> WHAT TO DO
Your output should be the lines from the start of the data through the line containing "split=> [|t w tT].", exactly and nothing more.

=== Section Start ===

Lemma admissible_of_admissibleR b : admissibleR b ->
  exists2 a, admissible a & forall t w, XRt a t w = XRt b t w.
Proof.
move=> [mb bA].
(* a^ must be feasible at the untruncated state, which depends on the control
   itself: hence the feedback form. *)
pose g t w x := if asbool (interior XR (XRt b t w)) then b t w else ahat t x.
pose a t w := g t w (feedback_state K H eps X0 g t w).
have XRt_ab : forall t w, XRt a t w = XRt b t w.
  by apply: eq_stateR => t w int; rewrite /a /g asboolT.
have aA t w : (t < T)%N -> Xsp (X a t w) -> A t (X a t w) (a t w).
  move=> tT Xsp_t; rewrite {2}/a /g; case: asboolP => [int|_].
    by rewrite -XRt_interior XRt_ab //; exact: bA.
  by rewrite -state_feedback; exact: ahat_feasible.
exists a => [|t w]; last exact: XRt_ab.
split=> [|t w tT].
  apply: feedback_adapted => // t x tT mx.
  have mXRt : meas_into (F t) (XRt b t) by exact: XRt_adapted.
  apply: (meas_into_if (F_filtration.1 t) (borel_interior XR) mXRt (mb _ tT)).
  exact: meas_into_comp mx (ahat_borel tT).
apply: (aA _ _ tT); apply: (state_viable X0_Xsp Xsp_step aA); exact: ltnW.
Qed.

End truncated_controls.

=== Section End ===

> RESULT FOR THIS EXERCISE
Lemma admissible_of_admissibleR b : admissibleR b ->
  exists2 a, admissible a & forall t w, XRt a t w = XRt b t w.
Proof.
move=> [mb bA].
(* a^ must be feasible at the untruncated state, which depends on the control
   itself: hence the feedback form. *)
pose g t w x := if asbool (interior XR (XRt b t w)) then b t w else ahat t x.
pose a t w := g t w (feedback_state K H eps X0 g t w).
have XRt_ab : forall t w, XRt a t w = XRt b t w.
  by apply: eq_stateR => t w int; rewrite /a /g asboolT.
have aA t w : (t < T)%N -> Xsp (X a t w) -> A t (X a t w) (a t w).
  move=> tT Xsp_t; rewrite {2}/a /g; case: asboolP => [int|_].
    by rewrite -XRt_interior XRt_ab //; exact: bA.
  by rewrite -state_feedback; exact: ahat_feasible.
exists a => [|t w]; last exact: XRt_ab.
split=> [|t w tT].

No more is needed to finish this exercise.